The green-shoots narrative is thus an orchestrated performative act, set to be rehearsed in both SONA 2026 and the Budget Speech pencilled in for 18 February, insulating the grand coalition from confronting the structural limits of a growth model privileging investor reassurance over productive restructuring.
Foreign Policy as Collateral Damage
The consequences of managed reassurance extend abroad. SONA 2026 is likely to invoke constitutionalism and multilateralism, yet this rhetoric sits uneasily within a Grand Coalition marked by divergent global allegiances. Positions on sanctions regimes, geopolitical conflicts, and strategic partnerships increasingly emerge from fragile compromise rather than principled statecraft.
Divergent approaches to relations with the United States, the Israel–Palestine conflict, Russia’s war in Ukraine, and South Africa’s posture within BRICS versus Western capitals reveal deep fault lines. Some coalition partners emphasise non-alignment and South–South solidarity, while others prioritise market confidence and alignment with Euro-Atlantic norms.

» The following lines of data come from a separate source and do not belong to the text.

Lemma sum_trans_lift s t x (g : tV A -> R) : ~~ is_sink (vk G x) ->
  \sum_z trans H (lift_strat A s) (lift_strat A t) (inl x) z * g z =
  \sum_y trans G s t x y * g (lift_arc x y).
Proof.
case E: (vk G x) => // _.
- by rewrite (@sum_trans_max _ _ H) /= ?E // sum_trans_max ?E // /lift_strat ffunE.
- by rewrite (@sum_trans_min _ _ H) /= ?E // sum_trans_min ?E // /lift_strat ffunE.
by rewrite /trans /= E sum_tprob.
Qed.

Lemma transformed_stochastic :
  ssg_stochastic G -> (forall y, 0 <= vsig G sigma y <= 1) -> ssg_stochastic H.
Proof.
move=> [G_rand G_sink] vsig_bound; split=> [[x|//] x_rand|[x|e] z_sink]; last 2 first.
- exact: G_sink.
- exact: vsig_bound.
have [p_ge0 p_sum1] := G_rand x x_rand; split=> [z|].
  by rewrite tprob_lift mulr_ge0 ?ler0n.
have := sum_tprob x (fun=> 1); under eq_bigr do rewrite mulr1.
by under [in RHS]eq_bigr do rewrite mulr1; move=> ->.
Qed.

Lemma transformed_min_moves : has_min_moves G -> has_min_moves H.
Proof.
move=> G_moves [x /G_moves [y xy]|//]; exists (lift_arc x y).
by rewrite tarc_lift_arc.
Qed.

Lemma lift_min_strategy t : min_strategy G t -> min_strategy H (lift_strat A t).
Proof.
move=> /forallP t_min; apply/forallP => -[x|//]; rewrite /lift_strat ffunE.
by rewrite -/(lift_arc x (t x)) tarc_lift_arc; apply: t_min.
Qed.

Definition proj_strat (tH : {ffun tV A -> tV A}) : {ffun V -> V} :=
  [ffun x => arc_target (tH (inl x))].

Lemma proj_min_strategy tH : min_strategy H tH -> min_strategy G (proj_strat tH).
Proof.
move=> /forallP tH_min; apply/forallP => x; apply/implyP => x_min.
have xz := implyP (tH_min (inl x)) x_min.
by rewrite ffunE -tarc_lift_arc lift_arc_target.
Qed.

Lemma lift_proj_strat tH x : min_strategy H tH -> is_min (vk G x) ->
  lift_strat A (proj_strat tH) (inl x) = tH (inl x).
Proof.
move=> /forallP /(_ (inl x)) /implyP tH_min x_min.
by rewrite /lift_strat !ffunE -/(lift_arc _ _) lift_arc_target // tH_min.
Qed.

End Transformed.

Section TransformedValues.
Variables (R : realType) (V : finType) (G : ssg R V) (A : {set V * V}).
Variable sigma : {ffun V -> V}.
Hypothesis G_stoch : ssg_stochastic G.
Hypothesis G_moves : has_min_moves G.
Local Notation H := (transformed G A sigma).
Local Notation v := (vsig G sigma).

Let H_stoch : ssg_stochastic H :=
  transformed_stochastic A G_stoch (vsig_bound G_stoch sigma).
Let H_moves : has_min_moves H := transformed_min_moves G_moves.

Lemma vsig_transformed_le x : vsig H (lift_strat A sigma) (inl x) <= v x.
Proof.
have [tb /andP [tb_min _] vE] := vsig_best_response G_stoch G_moves sigma.
have [tc tc_best vHE] := vsig_best_response H_stoch H_moves (lift_strat A sigma).
rewrite vHE; apply: le_trans (best_response_le tc_best (lift_min_strategy A sigma tb_min) _) _.
pose g (z : tV A) := v (arc_target z).
rewrite -[v x]/(g (inl x)); apply: (vals_le_superharmonic H_stoch) => [z|[w|e]|[w|//]] /=.
- by case/andP: (vsig_bound G_stoch sigma (arc_target z)).
- by move=> w_sink; rewrite /g vE vals_sink.
- by [].
move=> w_nsink; rewrite sum_trans_lift //; under eq_bigr do rewrite /g lift_arcK.
by rewrite /g /= vE [leRHS]vals_harmonic //; under eq_bigr do rewrite vE.
Qed.

Lemma vsig_transformed_lift x : vsig H (lift_strat A sigma) (inl x) = v x.
Proof.
apply/eqP; rewrite eq_le vsig_transformed_le /=.
have [tb tb_best vE] := vsig_best_response G_stoch G_moves sigma.
have [tc /[dup] /andP [tc_min _] tc_best vHE] :=
  vsig_best_response H_stoch H_moves (lift_strat A sigma).
rewrite vE; apply: le_trans (best_response_le tb_best (proj_min_strategy tc_min) x) _.
pose f w := vsig H (lift_strat A sigma) (inl w).
rewrite -/(f x); apply: (vals_le_superharmonic G_stoch) => [w|w w_sink|w w_nsink].
- by case/andP: (vsig_bound H_stoch (lift_strat A sigma) (inl w)).
- by rewrite /f vHE vals_sink.
apply: (@le_trans _ _ (\sum_y trans G sigma (proj_strat tc) w y *
                          vsig H (lift_strat A sigma) (lift_arc A w y))).
  apply: ler_sum => y _; apply: ler_wpM2l; first exact: trans_ge0.
  rewrite /lift_arc; case: insubP => // e _ eE.
  by rewrite vHE vals_sink //= eE vsig_transformed_le.
rewrite -(sum_trans_lift sigma) // /f vHE [leRHS]vals_harmonic //.
apply: ler_sum => z _; rewrite vHE (@eq_trans_min _ _ H _ _ tc) //.
by move=> w_min; rewrite (lift_proj_strat tc_min w_min).
Qed.

Lemma vsig_transformed_le_absorbing s t W M :
  min_strategy G t -> absorbing G s t W -> 0 <= M <= 1 -> {in W, forall u, v u <= M} ->
  {in W, forall y, vsig H (lift_strat A s) (inl y) <= M}.
Proof.
move=> t_min /(absorbingP G_stoch) [W_closed /fintype.subsetP W_sinkfree] M_bound v_le y yW.
have [ta ta_best vHE] := vsig_best_response H_stoch H_moves (lift_strat A s).
rewrite vHE; apply: le_trans (best_response_le ta_best (lift_min_strategy A sigma t_min) _) _.
pose g (z : tV A) := if z is inr e then v (val e).2 else if arc_target z \in W then M else 1.
have g_bound z : 0 <= g z <= 1.
  by case: z => [w|e] /=; [case: ifP; rewrite ?ler01 ?lexx | apply: vsig_bound].
have g_le w u : u \in W -> g (lift_arc A w u) <= M.
  by rewrite /g /lift_arc; case: insubP => [e _ /= ->|_ /= ->] //; apply: v_le.
apply: le_trans (vals_le_superharmonic H_stoch (g := g) _ _ _ (inl y)) _.
- by move=> z; case/andP: (g_bound z).
- case=> [w|e] /= w_sink //; case: ifP => [/W_sinkfree|_]; first by rewrite !inE w_sink.
  by case/andP: (G_stoch.2 w w_sink).
- case=> [w|//] w_nsink; rewrite (sum_trans_lift sigma) //; apply: sum_trans_le => // u tu.
  rewrite [g (inl w)]/g /=; case: ifP => [wW|_]; last by case/andP: (g_bound (lift_arc A w u)).
  exact/g_le/(W_closed _ _ wW tu).
by rewrite /g /= yW.
Qed.

End TransformedValues.

Section Improvement.
Variables (R : realType) (V : finType) (G : ssg R V) (A : {set V * V}).
Variables sigma sigma' : {ffun V -> V}.
Hypothesis G_stoch : ssg_stochastic G.
Hypothesis G_moves : has_min_moves G.
Hypothesis improving : succ_transformed G A sigma sigma'.
Local Notation H := (transformed G A sigma).
Local Notation v := (vsig G sigma).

The result is a hesitant, internally divided foreign policy, collateral damage of coalition governance.
The Politics of Pretence
This politics of pretence is no longer merely fragile; it is corrosive. Public trust erodes not from impatience, but from repeated demands to suspend disbelief amid unaltered realities. Accountability remains selective, corruption is framed as an administrative malfunction rather than a structural outcome, and institutional failure is detached from those who preside over it. The state appears permanently in repair, yet never renewed.

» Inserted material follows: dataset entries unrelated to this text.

Lemma iter_first_fixed (T : finType) (g : {set T} -> {set T}) E :
  (forall E, g E \subset E) ->
  exists k, g (iter k g E) = iter k g E /\
            forall j, j < k -> iter j.+1 g E != iter j g E.
Proof.
move=> shrink.
have /ex_minnP[k /eqP fix_k min_k] : exists k, g (iter k g E) == iter k g E.
  by have [k /eqP] := iter_fixed shrink E; exists k.
by exists k; split=> // j jk; apply/negP => /min_k; rewrite leqNgt jk.
Qed.

Lemma no_proper_descent (T : finType) (s : nat -> {set T}) :
  ~ (forall i, s i.+1 \proper s i).
Proof.
move=> desc; have bound i : #|s i| + i <= #|s 0|.
  elim: i => [|i IH]; first by rewrite addn0.
  by rewrite addnS; apply: leq_trans IH; rewrite ltn_add2r proper_card.
by have := bound #|s 0|.+1; rewrite addnS ltnNge leq_addl.
Qed.

Section StrictPref.
Variables (T : finType) (r : rel T).
Hypothesis r_pref : strict_pref r.

Lemma pref_irr x : r x x = false.
Proof. by case: r_pref => irr _; apply: irr. Qed.

Lemma pref_trans x y z : r x y -> r y z -> r x z.
Proof. by case: r_pref => _ [tr _]; apply: tr. Qed.

Lemma pref_asym x y : r x y -> r y x = false.
Proof. by move=> rxy; apply/negP => /(pref_trans rxy); rewrite pref_irr. Qed.

Lemma pref_flip x y : x != y -> ~~ r x y -> r y x.
Proof. by case: r_pref => _ [_ tot] /tot /orP[->|]. Qed.

Lemma pref_max_exists (A : {set T}) a : a \in A ->
  exists2 x, x \in A & forall y, y \in A -> y != x -> r x y.
Proof.
move=> aA; pose below x := #|[set y in A | r x y]|.
have [x xA x_max] := arg_maxnP below aA.
exists x => // y yA /pref_flip; apply; apply/negP => ryx.
have : below x < below y.
  apply: proper_card; apply/properP; split.
    by apply/subsetP => z; rewrite !inE => /andP[-> /(pref_trans ryx)].
  by exists x; rewrite !inE ?ryx ?pref_irr ?andbF ?andbT.
by rewrite ltnNge (x_max y yA : below y <= below x).
Qed.

End StrictPref.

Section Lists.
Variables (n : nat) (pw pf : 'I_n -> rel 'I_n).
Hypotheses (pw_pref : forall w, strict_pref (pw w))
           (pf_pref : forall f, strict_pref (pf f)).
Local Notation pairs := {set 'I_n * 'I_n}.
Implicit Types (E T : pairs) (w v u f g : 'I_n).

Lemma top_wP E w f :
  reflect ((w, f) \in E /\ forall g, (w, g) \in E -> g != f -> pw w f g)
          (top_w pw E w f).
Proof.
rewrite /top_w inE; apply: (iffP andP) => -[wf top]; split=> //.
- by move=> g wg gf; have := forallP top g; rewrite inE wg gf.
- by apply/forallP => g; apply/implyP; rewrite inE => /andP[]; apply: top.
Qed.

Lemma top_fP E f w :
  reflect ((w, f) \in E /\ forall u, (u, f) \in E -> u != w -> pf f w u)
          (top_f pf E f w).
Proof.
rewrite /top_f inE; apply: (iffP andP) => -[wf top]; split=> //.
- by move=> u uf uw; have := forallP top u; rewrite inE uf uw.
- by apply/forallP => u; apply/implyP; rewrite inE => /andP[]; apply: top.
Qed.

Lemma top_w_in E w f : top_w pw E w f -> (w, f) \in E.
Proof. by case/top_wP. Qed.

Lemma top_f_in E f w : top_f pf E f w -> (w, f) \in E.
Proof. by case/top_fP. Qed.

Lemma top_w_subset E E' w f :
  E' \subset E -> top_w pw E w f -> (w, f) \in E' -> top_w pw E' w f.
Proof.
by move=> /subsetP sub /top_wP[_ top] wf; apply/top_wP; split=> // g /sub; apply: top.
Qed.

Lemma top_f_subset E E' f w :
  E' \subset E -> top_f pf E f w -> (w, f) \in E' -> top_f pf E' f w.
Proof.
by move=> /subsetP sub /top_fP[_ top] wf; apply/top_fP; split=> // u /sub; apply: top.
Qed.

Lemma top_w_uniq E w f g : top_w pw E w f -> top_w pw E w g -> f = g.
Proof.
move=> /top_wP[wf f_top] /top_wP[wg g_top]; apply/eqP/negPn/negP => fg.
have gf : g != f by rewrite eq_sym.
by have := g_top f wf fg; rewrite (pref_asym (pw_pref w) (f_top g wg gf)).
Qed.

Lemma exists_top_w E w f : (w, f) \in E -> exists g, top_w pw E w g.
Proof.
move=> wf; have fL : f \in Lw E w by rewrite inE.
have [g gL g_max] := pref_max_exists (pw_pref w) fL.
exists g; apply/top_wP; split=> [|h wh hg]; first by rewrite inE in gL.
by apply: g_max; rewrite ?inE.
Qed.

Definition deletable E w f : bool :=
  [exists f', top_f pf E f' w && pw w f' f] ||
  [exists w', top_w pw E w' f && pf f w' w].

Lemma deletableP E w f :
  reflect ((exists2 f', top_f pf E f' w & pw w f' f) \/
           (exists2 w', top_w pw E w' f & pf f w' w))
          (deletable E w f).
Proof.
apply: (iffP orP) => -[].
- by case/existsP=> f' /andP[t p]; left; exists f'.
- by case/existsP=> w' /andP[t p]; right; exists w'.
- by case=> f' t p; left; apply/existsP; exists f'; rewrite t p.
- by case=> w' t p; right; apply/existsP; exists w'; rewrite t p.
Qed.

Definition reduced T := forall w f, (w, f) \in T -> ~~ deletable T w f.

Definition dominated E w f :=
  (forall g, (w, g) \in E -> pw w g f) \/ (forall u, (u, f) \in E -> pf f u w).

Definition outside_dominated E := forall w f, (w, f) \notin E -> dominated E w f.

Definition sound_removal E E' := E' \subset E /\
  forall w f, (w, f) \in E -> (w, f) \notin E' -> deletable E w f /\ dominated E' w f.

Definition matching_in (mu : {perm 'I_n}) E := forall w, (w, mu w) \in E.

Lemma dominated_subset E E' w f :
  E' \subset E -> dominated E w f -> dominated E' w f.
Proof. by move=> /subsetP sub [] dom; [left|right] => x /sub; apply: dom. Qed.

Lemma dominated_below_w E w f g :
  pw w f g -> (forall h, (w, h) \in E -> ~~ pw w f h) -> dominated E w g.
Proof.
move=> fg not_below; left=> h wh; have [<-//|fh] := eqVneq f h.
exact: (pref_trans (pw_pref w) (pref_flip (pw_pref w) fh (not_below h wh)) fg).
Qed.

Lemma dominated_below_f E f v w :
  pf f v w -> (forall u, (u, f) \in E -> ~~ pf f v u) -> dominated E w f.
Proof.
move=> vw not_below; right=> u uf; have [<-//|vu] := eqVneq v u.
exact: (pref_trans (pf_pref f) (pref_flip (pf_pref f) vu (not_below u uf)) vw).
Qed.

Lemma mut_unattrE E w f :
  mut_unattr pw pf E w f = ((w, f) \in E) && deletable E w f.
Proof.
rewrite /mut_unattr /deletable; congr (_ && (_ || _)); apply: eq_existsb => x.
- by case t: top_f; rewrite ?andbF //= inE (top_f_in t) andbT.
- by case t: top_w; rewrite ?andbF //= inE (top_w_in t) andbT.
Qed.

Lemma idua_roundE E : idua_round pw pf E = [set p in E | ~~ deletable E p.1 p.2].
Proof.
by apply/setP => -[w f]; rewrite !inE mut_unattrE /=; case: (_ \in E); rewrite ?andbT.
Qed.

Within this context, Ramaphosa’s SONAs have functioned less as national reckonings than as rituals of reassurance. They stabilise expectation without mobilising resolve, naming crises without naming culpability. Reform is spoken, not enacted; failure is acknowledged, not owned.
A Test of Courage, Not Competence
SONA 2026 arrives when South Africa suffers not from a deficit of plans, but of conviction. The country does not require another inventory of intentions. It requires leadership willing to name failure with moral clarity, confront vested interests, and risk political capital.
If SONA 2026 merely rehearses green shoots and incremental progress, it will confirm what many fear: that the presidency has mastered speaking change while governing continuity. Absent reckoning, SONA 2026 will be remembered not as a turning point, but as another performance in the long politics of pretence, where eloquence again stood in for courage.
* Dr Clyde N.S. Ramalaine is a political scientist and analyst whose work interrogates governance, political economy, international affairs, and the intersections of theology, social justice, and state power.
** The views expressed do not necessarily reflect the views of IOL, Independent Media or The African.